I have a coming 2 yr old gelding by a QH stallion and out of a registered Missouri Fox Trotter mare. When I bought her I didn't know she was pregnant. :lol:

Her last purebred baby is being sold with an asking price of $8000. So what do the last owners do? Breed her (and several other Fox Trotter mares) to their QH stud. I guess they felt they were breeding for a line of dude string horses is what I've been told.

Anyhow, I don't know if my foal will gait. Probably not.

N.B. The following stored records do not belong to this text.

(* Let $\mathbf G_n$ be distributed either as the Poisson random factor graph $\mathbf G_n(d,\Omega,k,\Psi,\rho)$ or as the percolated regular factor graph $\mathbf G^\varepsilon_{n,\mathrm{reg}}(d,\Omega,k,\Psi,\rho)$ (for a fixed $\varepsilon>0$). If $$\lim_{\ell\to\infty}\limsup_{n\to\infty}\frac1n\sum_{i=1}^n\sum_{\sigma\in\Omega^n}\mathbb E\Big[\mu_{\mathbf G_n}(\sigma)\left\|\mu_{\mathbf G_n,x_i}-\mu_{\mathbf G_n,x_i}[\,\cdot\,|\nabla_\ell(\mathbf G_n,x_i,\sigma)]\right\|_{TV}\Big]=0,$$ then $$\lim_{n\to\infty}\frac1{n^2}\sum_{i,j=1}^n\mathbb E\left\|\mu_{\mathbf G_n,x_i,x_j}-\mu_{\mathbf G_n,x_i}\otimes\mu_{\mathbf G_n,x_j}\right\|_{TV}=0.$$
   Context: Factor graphs: Fix a finite set $\Omega$ of spins. A factor graph $G$ has variable nodes $V(G)$, constraint nodes $F(G)$, for each $a\in F(G)$ an ordered tuple $\partial a$ of variable nodes and a weight function $\psi_a:\Omega^{|\partial a|}\to(0,\infty)$; Gibbs measure $\mu_G(\sigma)=Z_G^{-1}\prod_a\psi_a(\sigma(\partial a))$ on $\Omega^{V(G)}$. $\mu_{G,x}$, $\mu_{G,x,y}$ are one- and two-point marginals, and $\mu_{G,x}[\cdot|E]$ the marginal of $x$ under $\mu_G$ conditioned on an event $E\subset\Omega^{V(G)}$. The bipartite graph on $V(G)\cup F(G)$ joining $a$ with the variables in $\partial a$ induces a shortest-path metric. For $x\in V(G)$, $\ell\geq1$, $\sigma\in\Omega^{V(G)}$, $\nabla_\ell(G,x,\sigma)$ is the set of $\tau\in\Omega^{V(G)}$ with $\tau(y)=\sigma(y)$ for all variable nodes $y$ at distance greater than $\ell$ from $x$. Models: $d$ fixed (a positive integer for the regular model, $d>0$ for the Poisson model), $k\geq3$, $\Psi$ a finite nonempty set of functions $\Omega^k\to(0,\infty)$, $\rho$ a distribution on $\Psi$, all fixed as $n\to\infty$. Poisson model $\mathbf G_n(d,\Omega,k,\Psi,\rho)$: variable nodes $x_1,\ldots,x_n$, $m\sim\mathrm{Po}(dn/k)$ constraint nodes, each independently with $\psi_{a_i}\sim\rho$ and $\partial a_i$ uniform in $\{x_1,\ldots,x_n\}^k$. For $\psi\in\Psi$, $J\subset[k]$ let $\psi^J((\sigma_j)_{j\in J})=|\Omega|^{|J|-k}\sum_{(\sigma_j)_{j\notin J}}\psi(\sigma_1,\ldots,\sigma_k)$. Percolated regular model $\mathbf G^\varepsilon_{n,\mathrm{reg}}$: (REG1) $m\sim\mathrm{Po}(dn/k)$; (REG2) independently for $i\in[m]$, $J_i\subset[k]$ includes each element with probability $1-\varepsilon$ independently, $\psi_i\sim\rho$, and $a_i$ gets weight $\psi_i^{J_i}$ and $|J_i|$ ordered neighbour slots; (REG3) if $\sum_i|J_i|>dn$ start over, otherwise choose the neighbour tuples uniformly subject to every variable node having degree at most $d$. *)

From Stdlib Require Import Reals List Arith Bool Classical ClassicalDescription ClassicalEpsilon.
Import ListNotations.
Open Scope R_scope.

(* Spins Omega = {0,...,q-1}; variables x_1..x_n are 0..n-1. *)

Definition lsum {A : Type} (f : A -> R) (l : list A) : R :=
  fold_right (fun a acc => f a + acc) 0 l.

Fixpoint tuples (n k : nat) : list (list nat) :=
  match k with
  | O => [[]]
  | S k' => flat_map (fun x => map (cons x) (tuples n k')) (seq 0 n)
  end.

(* a constraint node: weight function and ordered tuple of neighbours *)
Definition constraint : Type := ((list nat -> R) * list nat)%type.
Definition fgraph : Type := list constraint.

Definition weight (G : fgraph) (s : list nat) : R :=
  fold_right (fun a acc => fst a (map (fun v => nth v s 0%nat) (snd a)) * acc) 1 G.

Definition Zpart (q n : nat) (G : fgraph) : R := lsum (weight G) (tuples q n).

Definition gibbs (q n : nat) (G : fgraph) (s : list nat) : R := weight G s / Zpart q n G.

Definition marg1 (q n : nat) (G : fgraph) (x : nat) (a : nat) : R :=
  lsum (fun s => if Nat.eqb (nth x s 0%nat) a then gibbs q n G s else 0) (tuples q n).

Definition marg2 (q n : nat) (G : fgraph) (x y : nat) (a b : nat) : R :=
  lsum (fun s => if Nat.eqb (nth x s 0%nat) a && Nat.eqb (nth y s 0%nat) b
                 then gibbs q n G s else 0) (tuples q n).

Definition condmarg (q n : nat) (G : fgraph) (x : nat) (E : list nat -> bool) (a : nat) : R :=
  lsum (fun s => if E s && Nat.eqb (nth x s 0%nat) a then gibbs q n G s else 0) (tuples q n)
  / lsum (fun s => if E s then gibbs q n G s else 0) (tuples q n).

Definition tv1 (q : nat) (p r : nat -> R) : R :=
  / 2 * lsum (fun a => Rabs (p a - r a)) (seq 0 q).

Definition tv2 (q : nat) (p r : nat -> nat -> R) : R :=
  / 2 * lsum (fun a => lsum (fun b => Rabs (p a b - r a b)) (seq 0 q)) (seq 0 q).

(* near G x h y : variable y is reachable from x in at most h constraint hops,
   i.e. the bipartite distance between x and y is at most 2h. *)
Fixpoint near (G : fgraph) (h : nat) (x y : nat) {struct h} : bool :=
  match h with
  | O => Nat.eqb x y
  | S h' => near G h' x y ||
            existsb (fun a => existsb (fun z => near G h' x z) (snd a)
                              && existsb (Nat.eqb y) (snd a)) G
  end.

(* variable-to-variable distances are even, so dist(x,y) <= l iff y is
   within floor(l/2) constraint hops. *)
Definition dist_le (G : fgraph) (x y l : nat) : bool := near G (Nat.div2 l) x y.

Definition nabla (n : nat) (G : fgraph) (x l : nat) (sigma tau : list nat) : bool :=
  forallb (fun y => dist_le G x y l || Nat.eqb (nth y tau 0%nat) (nth y sigma 0%nat))
          (seq 0 n).

Definition series (u : nat -> R) : R :=
  match excluded_middle_informative (exists l, infinite_sum u l) with
  | left H => proj1_sig (constructive_indefinite_description _ H)
  | right _ => 0
  end.

Definition po (lam : R) (m : nat) : R := exp (- lam) * lam ^ m / INR (fact m).

(* independent draws: m i.i.d. elements of a finite weighted list *)
Fixpoint draw_list {A : Type} (dr : list (R * A)) (m : nat) : list (R * list A) :=
  match m with
  | O => [(1, [])]
  | S m' => flat_map (fun c => map (fun cs => (fst c * fst cs, snd c :: snd cs))
                                   (draw_list dr m')) dr
  end.

(* rho : distribution on Psi, given as a list of (probability, weight function) *)
Definition spec (q k : nat) (rho : list (R * (list nat -> R))) : Prop :=
  rho <> [] /\ Forall (fun pw => 0 <= fst pw) rho /\ lsum fst rho = 1 /\
  Forall (fun pw => forall s, length s = k -> Forall (fun v => (v < q)%nat) s ->
                              0 < snd pw s) rho.

Definition pois_draws (n k : nat) (rho : list (R * (list nat -> R))) : list (R * constraint) :=
  flat_map (fun pw => map (fun t => (fst pw / INR n ^ k, (snd pw, t))) (tuples n k)) rho.

Definition EPois (d : R) (k : nat) (rho : list (R * (list nat -> R))) (n : nat)
  (F : fgraph -> R) : R :=
  series (fun m => po (d * INR n / INR k) m *
    lsum (fun pc => fst pc * F (snd pc)) (draw_list (pois_draws n k rho) m)).

Definition subsets (k : nat) : list (list nat) :=
  map (fun b => filter (fun i => Nat.eqb (nth i b 0%nat) 1) (seq 0 k)) (tuples 2 k).

(* psi^J, arguments ordered by increasing index in J *)
Definition psiJ (q k : nat) (psi : list nat -> R) (J : list nat) (tau : list nat) : R :=
  lsum (fun s => if list_eq_dec Nat.eq_dec (map (fun j => nth j s 0%nat) J) tau
                 then psi s else 0) (tuples q k)
  / INR q ^ (k - length J).

(* one factor: (weight function psi^J, arity |J|) with its probability *)
Definition reg_draws (q k : nat) (eps : R) (rho : list (R * (list nat -> R)))
  : list (R * ((list nat -> R) * nat)) :=
  flat_map (fun pw => map (fun J => (fst pw * (1 - eps) ^ length J * eps ^ (k - length J),
                                     (psiJ q k (snd pw) J, length J))) (subsets k)) rho.

Definition slots (ar : list ((list nat -> R) * nat)) : nat :=
  fold_right (fun a acc => (snd a + acc)%nat) 0%nat ar.

Definition deg_ok (n d : nat) (t : list nat) : bool :=
  forallb (fun v => Nat.leb (count_occ Nat.eq_dec t v) d) (seq 0 n).

Fixpoint build (ar : list ((list nat -> R) * nat)) (t : list nat) : fgraph :=
  match ar with
  | [] => []
  | a :: ar' => (fst a, firstn (snd a) t) :: build ar' (skipn (snd a) t)
  end.

Definition reg_term (n d : nat) (F : fgraph -> R) (pc : R * list ((list nat -> R) * nat)) : R :=
  if Nat.leb (slots (snd pc)) (d * n) then
    let V := filter (deg_ok n d) (tuples n (slots (snd pc))) in
    fst pc * (lsum (fun t => F (build (snd pc) t)) V / INR (length V))
  else 0.

Definition reg_acc (n d : nat) (pc : R * list ((list nat -> R) * nat)) : R :=
  if Nat.leb (slots (snd pc)) (d * n) then fst pc else 0.

(* expectation of F(G^eps_{n,reg}): (REG1)-(REG2) conditioned on acceptance
   (REG3), neighbour slots uniform subject to max degree <= d *)
Definition EReg (q d k : nat) (eps : R) (rho : list (R * (list nat -> R))) (n : nat)
  (F : fgraph -> R) : R :=
  series (fun m => po (INR d * INR n / INR k) m *
           lsum (reg_term n d F) (draw_list (reg_draws q k eps rho) m))
  / series (fun m => po (INR d * INR n / INR k) m *
           lsum (reg_acc n d) (draw_list (reg_draws q k eps rho) m)).

Definition overlap_quantity (q : nat) (E : nat -> (fgraph -> R) -> R) (l n : nat) : R :=
  / INR n * lsum (fun i => lsum (fun sigma =>
      E n (fun G => gibbs q n G sigma *
                    tv1 q (marg1 q n G i) (condmarg q n G i (nabla n G i l sigma))))
    (tuples q n)) (seq 0 n).

(* lim_{l->oo} limsup_{n->oo} a l n = 0, for a nonnegative double sequence *)
Definition lim_limsup_zero (a : nat -> nat -> R) : Prop :=
  forall e, e > 0 -> exists L, forall l, (l >= L)%nat ->
    exists N, forall n, (n >= N)%nat -> a l n < e.

Definition pair_corr (q : nat) (E : nat -> (fgraph -> R) -> R) (n : nat) : R :=
  / (INR n ^ 2) * lsum (fun i => lsum (fun j =>
      E n (fun G => tv2 q (marg2 q n G i j) (fun a b => marg1 q n G i a * marg1 q n G j b)))
    (seq 0 n)) (seq 0 n).

(* If x_j is farther than l from x_i, conditioning on
   nabla_l(G, x_i, sigma) leaves the spin of x_j unchanged, so
     mu_ij(a,b) - mu_i(a) mu_j(b)
       = sum_sigma mu(sigma) 1{sigma_j = b} (mu_i(a | nabla_l(sigma)) - mu_i(a)),
   and the total variation distance of the pair is at most the overlap term of x_i.  Bounding
   the remaining pairs by 1,
     sum_ij TV_ij <= #{pairs at distance <= l} + n sum_i overlap_i.
   If all degrees are at most D, a ball of radius l holds at most (1 + k D)^(l/2) variables.
   In the regular model D = d.  In the Poisson model take D = 2 log2 n + 2 and charge the
   graphs with a larger degree to E sum_z 2^deg(z) <= n exp (d 2^k).  Both expectations are
   normalised Poisson mixtures of positive linear functionals, so this pointwise bound can be
   averaged; dividing by n^2 and letting n -> oo, then l -> oo, proves the claim. *)

From Stdlib Require Import Reals List Arith Lra Lia Bool.
From Stdlib Require Import FunctionalExtensionality Classical ClassicalDescription ClassicalEpsilon.
Import ListNotations.
Open Scope R_scope.

(** * Finite sums and series *)

Lemma lsum_nil {A} (f : A -> R) : lsum f [] = 0.
Proof. reflexivity. Qed.

Lemma lsum_cons {A} (f : A -> R) a l : lsum f (a :: l) = f a + lsum f l.
Proof. reflexivity. Qed.

Lemma lsum_app {A} (f : A -> R) l1 l2 : lsum f (l1 ++ l2) = lsum f l1 + lsum f l2.
Proof.
  induction l1 as [|a l1 IH]; simpl app; rewrite ?lsum_nil, ?lsum_cons; [ring|].
  rewrite IH; ring.
Qed.

Lemma lsum_map {A B} (f : B -> R) (g : A -> B) l :
  lsum f (map g l) = lsum (fun x => f (g x)) l.
Proof. induction l as [|a l IH]; [reflexivity|]. simpl map. rewrite !lsum_cons, IH. reflexivity. Qed.

Lemma lsum_flat_map {A B} (f : B -> R) (g : A -> list B) l :
  lsum f (flat_map g l) = lsum (fun x => lsum f (g x)) l.
Proof. induction l as [|a l IH]; [reflexivity|]. simpl flat_map. rewrite lsum_app, IH. reflexivity. Qed.

Lemma lsum_ext {A} (f g : A -> R) l :
  (forall x, In x l -> f x = g x) -> lsum f l = lsum g l.
Proof.
  induction l as [|a l IH]; intros H; [reflexivity|].
  rewrite !lsum_cons, IH by (intros; apply H; right; auto).
  rewrite H by (left; auto). reflexivity.
Qed.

I have only seen him trot when running around the pen, but I must say he is built NICE. He has more muscle than his dam (particularly on the hind end) and higher head carriage, prettier neck, and prettier head than his sire, whom I met and was a very nice, but very average QH. So I will say he got the best of both worlds physically.

But it does kind of suck they didn't breed them to a gaited stallion, to make the foals registerable somewhere at least. I personally don't care if a horse is registered but I know many people do. And gaited would have been nice. 

Anyway, here is what my QH/Foxtrotter cross looks like. He is going gray like his mom. 

PS. Yes, very butt high! I'm hoping he will grow out of that!


----------



## Asama (Apr 7, 2012)

Gorgeous gorgeous paso x quarter horse. I thought they' should have kept it as a paso too, but these goals will more than likely be staying with our farm as we have two retired horses now. Also the picture of the grey gelding - he is sooo pretty! Hopefully he grows into that butt! 
_Posted via Mobile Device_


----------



## soenjer55 (Dec 4, 2011)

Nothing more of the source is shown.